Whilst on holiday with family in Brighton this Summer, baby Scarlett and I spent most days at least popping down to the beach, and with the beautiful weather, for me, it could have gone two ways. 1) We have a fabulous time on the beach, splashing about in the sea, giving Scarlett her very first dip (only the very tips of her toes of course, she was only 5/6 weeks old after all!) laughing together and enjoying family time, or 2) keeping away from the water to avoid my clothes getting wet, being too hot and irritable whilst everyone else larked about happily. For me it’s all or nothing, on the beach I don’t really enjoy myself if I’m not able to get involved and that means being in a swimming costume. And as we were down there nearly every day and my costume needed to be washed, it also meant being in a bikini…a bikini, five weeks after giving birth, having not started a fad diet, I know, I know, to some I’m barbaric! I have several lumps and bumps, I have shiny bright red tiger stripes…and I was having an absolute blast with my family and little girl!

Fun at the beach!

Fun at the beach!

It definitely helps NOT reading those sorts of magazines, the magazines with the red circles of shame alongside the diet pages. And I’m lucky to have a partner who found me attractive during all stages of pregnancy and afterwards, a man who found the natural state of pregnancy a positive thing and that does makes a huge difference. As much as I can sit here and write about how important it is to have self belief, as someone who has in the past allowed other people to dictate her confidence levels and thoughts of my looks, I know how difficult that can be in reality. But it is true and we can all start by ignoring the red ring of shame, embracing our red tiger stripes of child rearing and embracing ourselves for our individual quirks, marks and the map of life our bodies show.

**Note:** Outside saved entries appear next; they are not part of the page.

Theorem mainTheorem8 (C : numClosedFieldType) (d : nat) (p q : int)
  (a : int -> 'M[C]_d) (n : nat) (c : C) (s0 : nat)
  (z : 'I_n -> C) (s : 'I_n -> nat) :
  (0 < d)%N -> p <= q -> a p != 0 -> a q != 0 ->
  regular p q a ->
  c != 0 -> (forall l, z l != 0) -> injective z -> (forall l, 0 < s l)%N ->
  detpoly p q a = c *: ('X^s0 * \prod_(l < n) ('X - (z l)%:P) ^+ s l) ->
  (
   (forall Psi, inker p q a Psi ->
      exists Psis : 'I_n -> int -> 'cV[C]_d,
        (forall l, inker p q a (Psis l) /\ inT (z l) (s l) (Psis l)) /\
        (forall j, Psi j = \sum_(l < n) Psis l j)) /\
   (forall Psis : 'I_n -> int -> 'cV[C]_d,
      (forall l, inker p q a (Psis l) /\ inT (z l) (s l) (Psis l)) ->
      inker p q a (fun j => \sum_(l < n) Psis l j)) /\
   (forall Psis : 'I_n -> int -> 'cV[C]_d,
      (forall l, inker p q a (Psis l) /\ inT (z l) (s l) (Psis l)) ->
      (forall j, \sum_(l < n) Psis l j = 0) ->
      forall l j, Psis l j = 0) /\
   ((forall l (u : 'I_(s l) -> 'cV[C]_d),
      (forall j, comb (z l) u j = 0) -> forall v, u v = 0) /\
   (forall l (u : 'I_(s l) -> 'cV[C]_d),
      inker p q a (comb (z l) u) <->
      Ablk p q a (z l) (s l) *m \mxcol_(v < s l) u v = 0)) /\
   (exists (m : nat) (B : 'I_m -> int -> 'cV[C]_d),
      (forall i, inker p q a (B i)) /\
      (forall Psi, inker p q a Psi ->
         exists cc : 'I_m -> C, forall j, Psi j = \sum_(i < m) cc i *: B i j))) /\
   (forall l, (dimker (Aeval p q a (z l)) <= dimker (Ablk p q a (z l) (s l)))%N
              /\ dimker (Ablk p q a (z l) (s l)) = s l)
   /\ 
   (forall l, dimker (Aeval p q a (z l)) = s l ->
      forall (m : nat) (u : 'I_m -> 'cV[C]_d),
        (forall i, Aeval p q a (z l) *m u i = 0) ->
        (forall w : 'cV[C]_d, Aeval p q a (z l) *m w = 0 ->
           exists cc : 'I_m -> C, w = \sum_(i < m) cc i *: u i) ->
        (forall cc : 'I_m -> C, \sum_(i < m) cc i *: u i = 0 -> forall i, cc i = 0) ->
        forall Psi : int -> 'cV[C]_d,
          (inker p q a Psi /\ inT (z l) (s l) Psi) <->
          exists cc : 'I_m -> C,
            forall j, Psi j = \sum_(i < m) cc i *: (Phi (z l) 1 j *: u i)).
Proof.
move=> _ _ _ _ _ c_neq0 z_neq0 z_inj s_gt0 detA.
split; [split; [|split; [|split; [|split; [split|]]]] | split].
- exact: (inker_decomp c_neq0 z_neq0 z_inj detA).
- by move=> Psis ker_T; apply: inker_sum => l; case: (ker_T l).
- by move=> Psis ker_T; apply: (inker_inT_direct z_neq0 z_inj (fun l => (ker_T l).2)).
- by move=> l u /functional_extensionality /(comb_eq0 (z_neq0 l)).
- exact: (inker_comb _ _ _ z_neq0).
- exact: (inker_finite_basis c_neq0 z_neq0 z_inj detA).
- move=> l; split; first exact: (dimker_Aeval_le _ _ _ _ s_gt0).
  exact: (dimker_Ablk c_neq0 z_neq0 z_inj detA).
- move=> l eq_dim m u ker_u span_u _.
  exact: (inker_inT_Aeval_span c_neq0 z_neq0 z_inj s_gt0 detA).
Qed.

So I applaud Katie Price for eating and drinking well and having the confidence to show off her body, I’m sharing my holiday pictures for the same reason, to embrace my figure, the body that brought my beautiful baby girl into the world. A body that tells various stories of my life, every curve, every scar! It’s a very different image to Katie’s, but that’s ok, it would be a very boring world if we all looked the same. But the news shouldn’t be about numbers, it shouldn’t be about how many pounds, ounces and inches have been lost. We’re both healthy, we’re both proud Mums and we can both hold our heads up high and be body confident. If you’ve had a baby recently or are about to, look into that mirror and see how beautiful you are. Those stretch marks show how strong your body is to accommodate your baby, those curves show your womanhood, and you need that expansion while pregnant to keep your baby safe. If you’re feeling ill, tired, under the weather or under strain, it may be that you need to look at your diet and lifestyle to feel and be a bit healthier. But once you’re healthy, your body is your own temple and if you’re into sports and/or working out and want to tone your body to be a finely carved sculpture, good for you. If you want to emphasise your curves and embrace a cosier frame, that’s great. But no-one has the right to put a ring of shame around you but you, and even you shouldn’t!

Katie Price has been in the news recently, she looks great, healthy Mum is something to be celebrated, healthy Mums should make the news…the wait for weight to be old news should be over!